_The problem_
From the first line through the line containing "[!K] is valid", transcribe the records exactly and include no other lines.

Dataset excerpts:

Definition phi (I : instr) : formula :=
  match I with
  | I_inc i m j => lolli (l i) (Tensor (l j) (r m))
  | I_dec i m j => lolli (Tensor (l i) (r m)) (l j)
  | I_jpos i m j => lolli (Tensor (l i) (r m)) (Tensor (l j) (r m))
  | I_jzero i m j => lolli (l i) (Plus (l j) (kappa m))
  end.

Definition Phi (M : list instr) : list formula := map phi M.

Definition K_m (n m : nat) : list formula :=
  lolli (kappa m) (l 0) ::
  map (fun i => lolli (Tensor (kappa m) (r i)) (kappa m))
      (filter (fun i => negb (Nat.eqb i m)) (seq 1 n)).

Definition K (n : nat) : list formula :=
  flat_map (K_m n) (seq 1 n).

Definition initial_formula (ks : list nat) : formula :=
  fold_left Tensor
    (flat_map (fun mk => repeat (r (fst mk)) (snd mk))
              (combine (seq 1 (length ks)) ks))
    (l 1).

(* Phase semantics.  Take as phase space the free commutative monoid on the
   atoms (words up to permutation) and as pole the set of words [h :: w] in
   which [w] consists of counter atoms [r_m] and either [h = l_i] and the
   machine halts from label [i] with counter values read off [w], or
   [h = kappa_m] and [w] contains no [r_m].  Every formula of [!Phi_M] and
   [!K] is valid in this model because the pole is closed backwards under
   the corresponding machine step, so by soundness the word
   [l_1 r_1^k_1 ... r_n^k_n] lies in the pole. *)
From Stdlib Require Import List Permutation Relations Lia PeanoNat
  FunctionalExtensionality PropExtensionality.
Import ListNotations.

Section PhaseSemantics.

Variable pole : list atom -> Prop.
Hypothesis pole_perm : forall u v, Permutation u v -> pole u -> pole v.

Definition orth (X : list atom -> Prop) : list atom -> Prop :=
  fun y => forall x, X x -> pole (x ++ y).

Definition prd (X Y : list atom -> Prop) : list atom -> Prop :=
  fun z => exists x y, X x /\ Y y /\ z = x ++ y.

Definition unit_when (P : Prop) : list atom -> Prop := fun z => z = [] /\ P.

Fixpoint interp (A : formula) : list atom -> Prop :=
  match A with
  | Pos a => orth (orth (fun x => x = [a]))
  | Neg a => orth (fun x => x = [a])
  | One => orth (orth (fun x => x = []))
  | Bot => orth (fun x => x = [])
  | Top => orth (fun _ => False)
  | Zero => orth (orth (fun _ => False))
  | Tensor A B => orth (orth (prd (interp A) (interp B)))
  | Par A B => orth (prd (orth (interp A)) (orth (interp B)))
  | With A B => orth (fun x => orth (interp A) x \/ orth (interp B) x)
  | Plus A B => orth (orth (fun x => interp A x \/ interp B x))
  | OfCourse A => orth (orth (fun x => x = [] /\ interp A x))
  | WhyNot A => orth (fun x => x = [] /\ orth (interp A) x)
  end.

Lemma biorth_intro X x : X x -> orth (orth X) x.
Proof.
  intros Hx y Hy. apply (pole_perm (x ++ y)); [apply Permutation_app_comm|].
  exact (Hy x Hx).
Qed.

Lemma biorth_mono (X Y : list atom -> Prop) z :
  (forall x, X x -> Y x) -> orth (orth X) z -> orth (orth Y) z.
Proof. intros H Hz y Hy. apply Hz. intros x Hx. exact (Hy x (H x Hx)). Qed.

Lemma biorth_elim X x y :
  orth (orth X) x -> (forall s, X s -> pole (s ++ y)) -> pole (x ++ y).
Proof.
  intros Hx H. apply (pole_perm (y ++ x)); [apply Permutation_app_comm|].
  exact (Hx y H).
Qed.

Lemma orth_triple X : orth (orth (orth X)) = orth X.
Proof.
  apply functional_extensionality; intro y; apply propositional_extensionality.
  split.
  - intros H x Hx. exact (H x (biorth_intro X x Hx)).
  - intros H z Hz. apply (pole_perm (y ++ z)); [apply Permutation_app_comm|].
    exact (Hz y H).
Qed.

Lemma interp_biorth A : orth (orth (interp A)) = interp A.
Proof. destruct A; apply orth_triple. Qed.

Lemma interp_dual A : interp (dual A) = orth (interp A).
Proof.
  induction A; simpl; rewrite ?IHA, ?IHA1, ?IHA2, ?interp_biorth, ?orth_triple;
    reflexivity.
Qed.

Lemma interp_orth_elim A x y : interp A x -> orth (interp A) y -> pole (y ++ x).
Proof. intros Hx Hy. rewrite <- interp_biorth in Hx. exact (Hx y Hy). Qed.

Fixpoint ctx (G : list formula) : list atom -> Prop :=
  match G with
  | [] => fun c => c = []
  | A :: G => prd (orth (interp A)) (ctx G)
  end.

Definition valid (G : list formula) : Prop := forall c, ctx G c -> pole c.

Lemma valid_cons A G : valid (A :: G) <-> forall g, ctx G g -> interp A g.
Proof.
  split.
  - intros H g Hg. rewrite <- interp_biorth. intros z Hz. apply H.
    exists z, g. auto.
  - intros H c (x & g & Hx & Hg & ->).
    apply (pole_perm (g ++ x)); [apply Permutation_app_comm|].
    exact (Hx g (H g Hg)).
Qed.

Lemma ctx_app G D c :
  ctx (G ++ D) c -> exists g d, ctx G g /\ ctx D d /\ c = g ++ d.
Proof.
  revert c; induction G as [|A G IH]; intros c H; simpl in *.
  - exists [], c. auto.
  - destruct H as (x & y & Hx & Hy & ->).
    destruct (IH _ Hy) as (g & d & Hg & Hd & ->).
    exists (x ++ g), d. split; [exists x, g; auto|]. split; [exact Hd|].
    apply app_assoc.
Qed.

Lemma ctx_perm G D :
  Permutation G D -> forall c, ctx D c -> exists c', ctx G c' /\ Permutation c' c.
Proof.
  induction 1 as [|A G D _ IH|A B G|G D E _ IH1 _ IH2]; intros c Hc; simpl in *.
  - exists c. auto.
  - destruct Hc as (a & c0 & Ha & H0 & ->).
    destruct (IH _ H0) as (c1 & H1 & P).
    exists (a ++ c1). split; [exists a, c1; auto|].
    apply Permutation_app_head, P.
  - destruct Hc as (a & c0 & Ha & (b & c1 & Hb & H1 & ->) & ->).
    exists (b ++ a ++ c1). split; [|apply Permutation_app_swap_app].
    exists b, (a ++ c1). repeat split; auto. exists a, c1. auto.
  - destruct (IH2 _ Hc) as (c1 & H1 & P1).
    destruct (IH1 _ H1) as (c2 & H2 & P2).
    exists c2. split; [exact H2|]. eapply perm_trans; eauto.
Qed.

Lemma unit_when_app P Q x y :
  orth (orth (unit_when P)) x -> orth (orth (unit_when Q)) y ->
  orth (orth (unit_when (P /\ Q))) (x ++ y).
Proof.
  intros Hx Hy z Hz. rewrite app_assoc. apply Hy. intros w [-> HQ].
  apply Hx. intros w' [-> HP]. apply (Hz []). split; auto.
Qed.

(* The elements of a context of why-not formulas behave like the unit:
   this is what makes promotion sound. *)
Lemma ctx_whynot_unit G c :
  ctx (map WhyNot G) c -> orth (orth (unit_when (ctx (map WhyNot G) []))) c.
Proof.
  revert c; induction G as [|B G IH]; intros c Hc; simpl in *.
  - subst c. apply biorth_intro. split; reflexivity.
  - destruct Hc as (x & c0 & Hx & H0 & ->).
    assert (Hx' : orth (orth (unit_when (orth (interp B) []))) x).
    { revert Hx. apply biorth_mono. intros u [-> Hu]. split; auto. }
    generalize (unit_when_app _ _ _ _ Hx' (IH _ H0)). apply biorth_mono.
    intros u [-> [H1 H2]]. split; [reflexivity|].
    exists [], []. repeat split; auto. apply biorth_intro. split; auto.
Qed.

Theorem ll_sound G : ll G -> valid G.
Proof.
  induction 1 as [a|G D P _ IH|A G D _ IH1 _ IH2| |G _ IH|G
    |A B G D _ IH1 _ IH2|A B G _ IH|A B G _ IH1 _ IH2|A B G _ IH|A B G _ IH
    |A G _ IH|A G _ IH|A G _ IH|A G _ IH].
  - apply valid_cons. intros g (x & g0 & Hx & -> & ->).
    rewrite app_nil_r. exact Hx.
  - intros c Hc. destruct (ctx_perm _ _ P c Hc) as (c' & H1 & P1).
    exact (pole_perm _ _ P1 (IH _ H1)).
  - intros c Hc. destruct (ctx_app _ _ _ Hc) as (g & d & Hg & Hd & ->).
    rewrite valid_cons in IH1, IH2. specialize (IH2 _ Hd).
    rewrite interp_dual in IH2. exact (IH2 g (IH1 g Hg)).
  - apply valid_cons. intros g ->. apply biorth_intro. reflexivity.
  - apply valid_cons. intros g Hg z ->. exact (IH g Hg).
  - apply valid_cons. intros g _ z [].
  - apply valid_cons. intros c Hc.
    destruct (ctx_app _ _ _ Hc) as (g & d & Hg & Hd & ->).
    rewrite valid_cons in IH1, IH2. apply biorth_intro.
    exists g, d. split; [apply IH1|split; [apply IH2|reflexivity]]; assumption.
  - apply valid_cons. intros g Hg z (x & y & Hx & Hy & ->).
    rewrite <- app_assoc. apply IH. exists x, (y ++ g).
    repeat split; auto. exists y, g. auto.
  - rewrite valid_cons in IH1, IH2. apply valid_cons. intros g Hg z [Hz|Hz].
    + exact (interp_orth_elim A g z (IH1 g Hg) Hz).
    + exact (interp_orth_elim B g z (IH2 g Hg) Hz).
  - rewrite valid_cons in IH. apply valid_cons. intros g Hg.
    apply biorth_intro. left. exact (IH g Hg).
  - rewrite valid_cons in IH. apply valid_cons. intros g Hg.
    apply biorth_intro. right. exact (IH g Hg).
  - rewrite valid_cons in IH. apply valid_cons. intros g Hg.
    generalize (ctx_whynot_unit G g Hg). apply biorth_mono.
    intros u [-> Hu]. split; [reflexivity|]. exact (IH _ Hu).
  - rewrite valid_cons in IH. apply valid_cons. intros g Hg z [-> Hz].
    exact (interp_orth_elim A g [] (IH _ Hg) Hz).
  - apply valid_cons. intros g Hg z [-> Hz]. exact (IH g Hg).
  - apply valid_cons. intros g Hg z [-> Hz].
    assert (Hwn : orth (interp (WhyNot A)) []) by (apply biorth_intro; auto).
    apply (IH ([] ++ [] ++ g)). exists [], ([] ++ g).
    repeat split; [exact Hwn|]. exists [], g. auto.
Qed.

Lemma ll_sequent_sound A G B x y :
  ll_sequent (A :: map OfCourse G) [B] ->
  interp A x -> (forall C, In C G -> interp C []) -> orth (interp B) y ->
  pole (x ++ y).
Proof.
  intros Hll Hx HG Hy. apply (ll_sound _ Hll). exists x, y. split.
  { rewrite interp_dual, interp_biorth. exact Hx. }
  split; [|reflexivity]. clear Hll.
  induction G as [|C G IH]; simpl.
  - exists y, []. rewrite app_nil_r. auto.
  - exists [], y. repeat split.
    + apply biorth_intro. split; [reflexivity|].
      rewrite interp_dual, interp_biorth. apply HG. left. reflexivity.
    + apply IH. intros C' HC'. apply HG. right. exact HC'.
Qed.

Lemma interp_atom_intro a : interp (Pos a) [a].
Proof. apply biorth_intro. reflexivity. Qed.

Lemma interp_atom_elim a x y : interp (Pos a) x -> pole (a :: y) -> pole (x ++ y).
Proof. intros Hx Ha. apply (biorth_elim _ _ _ Hx). intros s ->. exact Ha. Qed.

Lemma orth_atom_iff a y : orth (interp (Pos a)) y <-> pole (a :: y).
Proof.
  split.
  - intros H. exact (H [a] (interp_atom_intro a)).
  - intros Ha x Hx. exact (interp_atom_elim a x y Hx Ha).
Qed.

Lemma interp_tensor_elim a b x y :
  interp (Tensor (Pos a) (Pos b)) x -> pole (a :: b :: y) -> pole (x ++ y).
Proof.
  intros Hx Hab. apply (biorth_elim _ _ _ Hx). intros s (u & v & Hu & Hv & ->).
  rewrite <- app_assoc. apply (interp_atom_elim a); [exact Hu|].
  apply (pole_perm (v ++ a :: y)); [apply Permutation_sym, Permutation_middle|].
  apply (interp_atom_elim b); [exact Hv|].
  exact (pole_perm _ _ (perm_swap b a y) Hab).
Qed.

_Finished task_
Definition phi (I : instr) : formula :=
  match I with
  | I_inc i m j => lolli (l i) (Tensor (l j) (r m))
  | I_dec i m j => lolli (Tensor (l i) (r m)) (l j)
  | I_jpos i m j => lolli (Tensor (l i) (r m)) (Tensor (l j) (r m))
  | I_jzero i m j => lolli (l i) (Plus (l j) (kappa m))
  end.

Definition Phi (M : list instr) : list formula := map phi M.

Definition K_m (n m : nat) : list formula :=
  lolli (kappa m) (l 0) ::
  map (fun i => lolli (Tensor (kappa m) (r i)) (kappa m))
      (filter (fun i => negb (Nat.eqb i m)) (seq 1 n)).

Definition K (n : nat) : list formula :=
  flat_map (K_m n) (seq 1 n).

Definition initial_formula (ks : list nat) : formula :=
  fold_left Tensor
    (flat_map (fun mk => repeat (r (fst mk)) (snd mk))
              (combine (seq 1 (length ks)) ks))
    (l 1).

(* Phase semantics.  Take as phase space the free commutative monoid on the
   atoms (words up to permutation) and as pole the set of words [h :: w] in
   which [w] consists of counter atoms [r_m] and either [h = l_i] and the
   machine halts from label [i] with counter values read off [w], or
   [h = kappa_m] and [w] contains no [r_m].  Every formula of [!Phi_M] and
   [!K] is valid in this model because the pole is closed backwards under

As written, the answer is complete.